Давид (помолчав). Ничего. Глупости. Извини.
Лебедев. А теперь мне говорят — он враг… И в газетах пишут… И что же я — должен этому верить?!
Давид. Должен.
Лебедев. Почему?
Давид (неловко). Ну, потому что ты комсомолец…
Лебедев. А я не комсомолец!
Давид (опешил). Что-о?
Лебедев. Меня исключили сегодня. И со стипендии сняли. Вот, брат, какие дела!
Давид (недоверчиво). Врешь?! (Поглядел на Лебедева, стиснул кулаки.) Ну, это уже слишком!.. Это ерунда. Славка!
Лебедев (взорвался). Да? А что не слишком? На каких весах это меряют что слишком, а что не слишком?! (Поморщился.) Черт, как болит голова!.. А в общем, Додька, тяжело… Очень тяжело… Из Консерватории придется, конечно, уйти…
Давид. Ты шутишь?
Лебедев (усмехнулся). Разве похоже? Нет, не щучу. У меня же в Кинешме мать, сестренка маленькая — мне помогать им теперь надо… Уйду в какое-нибудь кино…
Давид. В какое еще кино?
Лебедев. Ну, в оркестр, который перед сеансами играет… Что я, «Кукарачу», что ли, сыграть не смогу?!..
В дверь стучат.
Давид. Кто там?
Входит, чуть прихрамывая, высокий русоголовый человек — в гимнастерке и сапогах. Это секретарь партийного бюро Консерватории Иван Кузьмич ЧЕРНЫШЕВ (Олег Ефремов). Ему лет сорок, не больше, но и Давиду, и Славе он, разумеется, кажется стариком. В руке у Чернышева полевая сумка — чем-то туго набитая, повидавшая виды.
Чернышев. Добрый вечер! К вам можно?
Давид (удивленно). Иван Кузьмич?! Здравствуйте! Вот уж… Конечно, конечно можно!
Лебедев. Здравствуйте.
Чернышев неторопливо придвигает стул к постели Давида, вытирает лицо платком.

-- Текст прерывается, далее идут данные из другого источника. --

Lemma coef_mul_deleted m (u Y : {poly R}) (G : 'I_m.+1 -> {poly R}) i0 k :
  eq_trunc k (u * G i0) 1 ->
  (u * (Y * \prod_i G i))`_k = (Y * \prod_(i < m) G (lift i0 i))`_k.
Proof.
move=> uG; rewrite (bigD1_ord i0) //=.
have -> : u * (Y * (G i0 * \prod_(i < m) G (lift i0 i)))
        = (Y * \prod_(i < m) G (lift i0 i)) * (u * G i0) by ring.
by rewrite (eq_truncM (fun _ _ => erefl) uG) ?mulr1.
Qed.

Definition ext0 (f : nat -> R) (k : int) : R :=
  match k with Posz k => f k | Negz _ => 0 end.

Lemma ext0_neg f k : (k < 0)%R -> ext0 f k = 0.
Proof. by case: k => //= k; rewrite ltz_nat. Qed.

Lemma eq_ext0 f g : f =1 g -> ext0 f =1 ext0 g.
Proof. by move=> fg [k|k] //=. Qed.

Lemma ext0_rec f g a b :
  (forall k, a * f k + b * (if k is k'.+1 then f k' else 0) = g k) ->
  forall K, a * ext0 f K + b * ext0 f (K - 1) = ext0 g K.
Proof.
move=> fg [[|k]|k].
- by rewrite /= -(fg 0%N).
- have -> : k.+1%:Z - 1 = k by lia.
  by rewrite /= -(fg k.+1).
- have -> : Negz k - 1 = Negz k.+1 by lia.
  by rewrite /= !mulr0 addr0.
Qed.

Lemma sum_ord_widen0 (g : nat -> R) N N' :
  (N <= N')%N -> (forall i, (N <= i)%N -> g i = 0) ->
  \sum_(i < N) g i = \sum_(i < N') g i.
Proof.
move=> le_NN' g0; rewrite -!(big_mkord xpredT) (big_cat_nat (leq0n N) le_NN') //=.
by rewrite [X in _ + X]big1_seq ?addr0 // => i /andP[_]; rewrite mem_index_iota => /andP[/g0].
Qed.

Lemma ext0_coefM (Y : {poly R}) N (Q : nat -> {poly R}) :
  (size Y <= N.+1)%N -> coherent Q ->
  forall L : int, ext0 (fun l => (Y * Q l)`_l) L
    = \sum_(i < N.+1) Y`_i * ext0 (fun l => (Q l)`_l) (L - i%:Z).
Proof.
move=> szY cQ [l|l] /=; last first.
  by rewrite big1 // => i _; rewrite ext0_neg ?mulr0 //; lia.
pose g i := Y`_i * ext0 (fun l => (Q l)`_l) (l%:Z - i%:Z).
have g0 i : (l < i)%N -> g i = 0 by move=> lt_li; rewrite /g ext0_neg ?mulr0 //; lia.
have Y0 i : (N < i)%N -> g i = 0 by move=> lt_Ni; rewrite /g nth_default ?mul0r // (leq_trans szY).
have -> : (Y * Q l)`_l = \sum_(i < l.+1) g i.
  rewrite coefM; apply: eq_bigr => -[i /=]; rewrite ltnS => le_il _.
  by rewrite /g subzn //= (coherent_coef cQ (leq_subr i l)).
rewrite (sum_ord_widen0 (N' := (l + N).+1) _ g0); last by lia.
by rewrite [RHS](sum_ord_widen0 (N' := (l + N).+1) _ Y0); last by lia.
Qed.

End TruncatedSeries.

Section HFunctions.
Variable F : fieldType.

Definition inv_Xm (a : F) L : {poly F} :=
  (- a^-1)%:P * \sum_(r < L.+1) (a ^- r)%:P * 'X^r.

Lemma coef_inv_Xm a L i : (inv_Xm a L)`_i = if (i <= L)%N then - a^-1 * a ^- i else 0.
Proof.
rewrite /inv_Xm; under eq_bigr do rewrite mul_polyC.
by rewrite -(poly_def _ (fun r => a ^- r)) coefCM coef_poly ltnS; case: ifP; rewrite ?mulr0.
Qed.

Lemma coherent_inv_Xm a : coherent (inv_Xm a).
Proof.
move=> K K' le_KK' i le_iK.
by rewrite !coef_inv_Xm le_iK (leq_trans le_iK le_KK').
Qed.

Lemma mul_Xm_inv_Xm a L : a != 0 -> eq_trunc L (('X - a%:P) * inv_Xm a L) 1.
Proof.
move=> a0 [|i] le_iL; rewrite coef_XmM coef1 !coef_inv_Xm le_iL /=.
  by rewrite expr0 invr1; field.
by rewrite (ltnW le_iL) exprS invfM; field; rewrite expf_neq0.
Qed.

Section Vieta.
Variables (n : nat) (y : 'I_n -> F).

Lemma sum_subsets_card (g : nat -> {poly F}) :
  \sum_(J : {set 'I_n}) ((-1) ^+ #|J| * \prod_(i in J) y i) *: g #|J|
  = \sum_(j < n.+1) ((-1) ^+ j * elemsym y j) *: g j.
Proof.
rewrite (partition_big (fun J : {set 'I_n} => (inord #|J| : 'I_n.+1)) predT) //=.
apply: eq_bigr => j _; rewrite /elemsym mulr_sumr scaler_suml.
have cardJ (J : {set 'I_n}) : (#|J| <= n)%N by rewrite -[n in (_ <= n)%N]card_ord max_card.
apply: eq_big => J; first by rewrite -(inj_eq val_inj) /= inordK ?ltnS.
by move=> /eqP <-; rewrite inordK ?ltnS.
Qed.

Lemma prod_1mX_elemsym :
  \prod_(j < n) (1 - (y j)%:P * 'X) = \sum_(j < n.+1) ((-1) ^+ j * elemsym y j) *: 'X^j.
Proof.
rewrite -(sum_subsets_card (fun j => 'X^j)).
under eq_bigr do rewrite addrC.
rewrite bigA_distr; apply: eq_bigr => J _; rewrite -big_mkcond /=.
under eq_bigr do rewrite -mulNr -polyCN.
by rewrite big_split /= prodr_const -rmorph_prod /= prodrN mul_polyC.
Qed.

Lemma prod_XsubC_elemsym :
  \prod_(j < n) ('X - (y j)%:P) = \sum_(j < n.+1) ((-1) ^+ j * elemsym y j) *: 'X^(n - j).
Proof.
rewrite -(sum_subsets_card (fun j => 'X^(n - j))).
rewrite bigA_distr (reindex_inj (@setC_inj _)) /=; apply: eq_bigr => J _.
rewrite (bigID (mem J)) /=.
rewrite (eq_bigr (fun i => - (y i)%:P)); last by move=> i Ji; rewrite in_setC Ji.
rewrite (eq_bigr (fun i => 'X)); last by move=> i Ji; rewrite in_setC (negbTE Ji).
rewrite prodr_const; under eq_bigr do rewrite -polyCN.
rewrite -rmorph_prod /= prodrN mul_polyC mulrC; congr (_ *: 'X^_).
have cardCJ := cardC J; rewrite card_ord in cardCJ.
have cardJ' : #|(fun i : 'I_n => i \notin J)| = #|[predC J]|.
  by apply: eq_card => i; rewrite !inE.
by rewrite cardJ' -[X in _ = (X - _)%N]cardCJ addKn.
Qed.

Lemma coef_prod_1mX_elemsym k :
  (\prod_(j < n) (1 - (y j)%:P * 'X))`_k = if (k <= n)%N then (-1) ^+ k * elemsym y k else 0.
Proof.
by rewrite prod_1mX_elemsym -(poly_def _ (fun j => (-1) ^+ j * elemsym y j)) coef_poly ltnS.
Qed.

Lemma coef_prod_XsubC_elemsym L :
  (\prod_(j < n) ('X - (y j)%:P))`_L
  = if (L <= n)%N then (-1) ^+ (n - L) * elemsym y (n - L) else 0.
Proof.
rewrite prod_XsubC_elemsym (reindex_inj rev_ord_inj) /=.
under eq_bigr => j _ do rewrite subSS (subKn (ltnSE (ltn_ord j))).
by rewrite -(poly_def _ (fun j => (-1) ^+ (n - j) * elemsym y (n - j))) coef_poly ltnS.
Qed.

Lemma size_prod_1mX : (size (\prod_(j < n) (1 - (y j)%:P * 'X))%R <= n.+1)%N.
Proof. by rewrite prod_1mX_elemsym -(poly_def _ (fun j => (-1) ^+ j * elemsym y j)) size_poly. Qed.

Lemma size_prod_XsubC_ord : size (\prod_(j < n) ('X - (y j)%:P)) = n.+1.
Proof. by rewrite size_prod_XsubC [index_enum _]unlock -enumT size_enum_ord. Qed.

End Vieta.

Section Expansions.
Variables (m n : nat) (x : 'I_m -> F) (y : 'I_n -> F).

Definition hcoef (k : nat) : F :=
  ((\prod_(j < n) (1 - (y j)%:P * 'X)) * \prod_(i < m) inv_1mX (x i) k)`_k.

Definition hcoef_inf (L : nat) : F :=
  ((\prod_(j < n) ('X - (y j)%:P)) * \prod_(i < m) inv_Xm (x i) L)`_L.

Lemma HkE k : Hk x y k = ext0 hcoef k - ext0 hcoef_inf (n%:Z - m%:Z - k).
Proof.
have hinfE : hinf x y k = ext0 hcoef_inf (n%:Z - m%:Z - k).
  by rewrite /hinf; case: ifP => h; case E: (n%:Z - m%:Z - k) => [l|l] //=; lia.
by rewrite /Hk hinfE; case: k {hinfE}.
Qed.

End Expansions.

Section Recurrence.
Variables (m n : nat) (x : 'I_m.+1 -> F) (y : 'I_n -> F) (i0 : 'I_m.+1).
Let x' i := x (lift i0 i).

Lemma hcoef_rec k :
  hcoef x y k - x i0 * (if k is k'.+1 then hcoef x y k' else 0) = hcoef x' y k.
Proof.
set P := fun K => (\prod_(j < n) (1 - (y j)%:P * 'X)) * \prod_i inv_1mX (x i) K.
have cP : coherent P.
  by apply: coherentM => [K K' _ //|]; apply: coherent_prod => i; apply: coherent_inv_1mX.
have -> : (if k is k'.+1 then hcoef x y k' else 0) = (if k is k'.+1 then (P k)`_k' else 0).
  by case: k => // k; rewrite (coherent_coef cP (leqnSn k)).
by rewrite -coef_1mXM; apply: coef_mul_deleted; apply: mul_1mX_inv_1mX.
Qed.

Lemma hcoef_inf_rec L : x i0 != 0 ->
  (if L is L'.+1 then hcoef_inf x y L' else 0) - x i0 * hcoef_inf x y L = hcoef_inf x' y L.
Proof.
move=> x0; set P := fun K => (\prod_(j < n) ('X - (y j)%:P)) * \prod_i inv_Xm (x i) K.
have cP : coherent P.
  by apply: coherentM => [K K' _ //|]; apply: coherent_prod => i; apply: coherent_inv_Xm.
have -> : (if L is L'.+1 then hcoef_inf x y L' else 0) = (if L is L'.+1 then (P L)`_L' else 0).
  by case: L => // L; rewrite (coherent_coef cP (leqnSn L)).
by rewrite -coef_XmM; apply: coef_mul_deleted; apply: mul_Xm_inv_Xm.
Qed.

Lemma Hk_rec k : x i0 != 0 -> Hk x y k - x i0 * Hk x y (k - 1) = Hk x' y k.
Proof.
move=> x0; rewrite !HkE; set L := n%:Z - m%:Z - k.
have -> : n%:Z - m.+1%:Z - k = L - 1 by rewrite /L; lia.
have -> : n%:Z - m.+1%:Z - (k - 1) = L by rewrite /L; lia.
have rec0 : ext0 (hcoef x y) k - x i0 * ext0 (hcoef x y) (k - 1) = ext0 (hcoef x' y) k.
  rewrite -mulNr -[ext0 _ k]mul1r; apply: ext0_rec => k'.
  by rewrite mul1r mulNr hcoef_rec.
have recoo : ext0 (hcoef_inf x y) (L - 1) - x i0 * ext0 (hcoef_inf x y) L
             = ext0 (hcoef_inf x' y) L.
  rewrite addrC -mulNr -[ext0 _ (L - 1)]mul1r; apply: ext0_rec => L'.
  by rewrite mul1r mulNr addrC hcoef_inf_rec.
rewrite -rec0 -recoo; ring.
Qed.

End Recurrence.

Lemma Hk_nox n (x : 'I_0 -> F) (y : 'I_n -> F) k : Hk x y k = 0.
Proof.
have e0 l : hcoef x y l = if (l <= n)%N then (-1) ^+ l * elemsym y l else 0.
  by rewrite /hcoef big_ord0 mulr1 coef_prod_1mX_elemsym.
have eoo l : hcoef_inf x y l = if (l <= n)%N then (-1) ^+ (n - l) * elemsym y (n - l) else 0.
  by rewrite /hcoef_inf big_ord0 mulr1 coef_prod_XsubC_elemsym.
rewrite HkE (eq_ext0 e0) (eq_ext0 eoo) subr0.
case: k => [k|k] /=; last by rewrite ifF ?subrr //; lia.
have [le_kn|lt_nk] := leqP k n; last by rewrite ext0_neg ?subrr //; lia.
by rewrite subzn //= leq_subr subKn // subrr.
Qed.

Чернышев. Жарко! Как здоровье, Давид?
Давид. Ничего… Только температура…
Чернышев (улыбнулся). Ты, давай-ка, поправляйся скорей — дела есть!
Давид (посмотрел на Чернышева, на Лебедева, снова на Чернышева, прищурил глаза). Иван Кузьмич, это очень хорошо, что вы пришли! Это просто очень хорошо… Я ведь уже дней десять не был в Консерватории, а мне сейчас Славка сказал…
Лебедев. Давид!.. Давид, я прошу тебя — перестань!
Отворяется дверь и снова появляется Людмила Шутова.
Людмила. Шварц!
Давид (резко). Людмила, к нам сейчас нельзя!
Людмила. Ничего, ничего, мне можно!.. Шварц, а какой основной вопрос стоял на втором съезде?
Давид. До чего же ты мне надоела!.. Программа партии!
Людмила. Так. Нормально. А закурить нет, Славка?
Лебедев. Нет.
Чернышев (развел руками). И я не курю.
Людмила (весело). Жалеете! Все у вас, ребята, есть — только совести у вас, ребята, нет…
Давид. Людмила, уходи!
Людмила. Да, между прочим. Славка, держи тридцать рублей — я у тебя зимою брала! Не помнишь?! Держи и не спорь! (Легко положила руку Лебедеву на плечо.) И не горюй. Славка! Выше голову!
Мы еще побываем у полюса,
Об какой-нибудь айсберг уколемся.
И добраться — не красные ж девицы! —
К Мысу Доброй Надежды надеемся!
И желанье предвидя заранее,
Порезвимся на Мысе Желания…
Давид. Людмила, ты уйдешь?!
Людмила. Поэма не кончена, продолжение в следующем номере… Прощай, прощай и помни обо мне!..
Людмила уходит. Молчание.
Чернышев (засмеялся). Занятная гражданочка! Это кто же такая?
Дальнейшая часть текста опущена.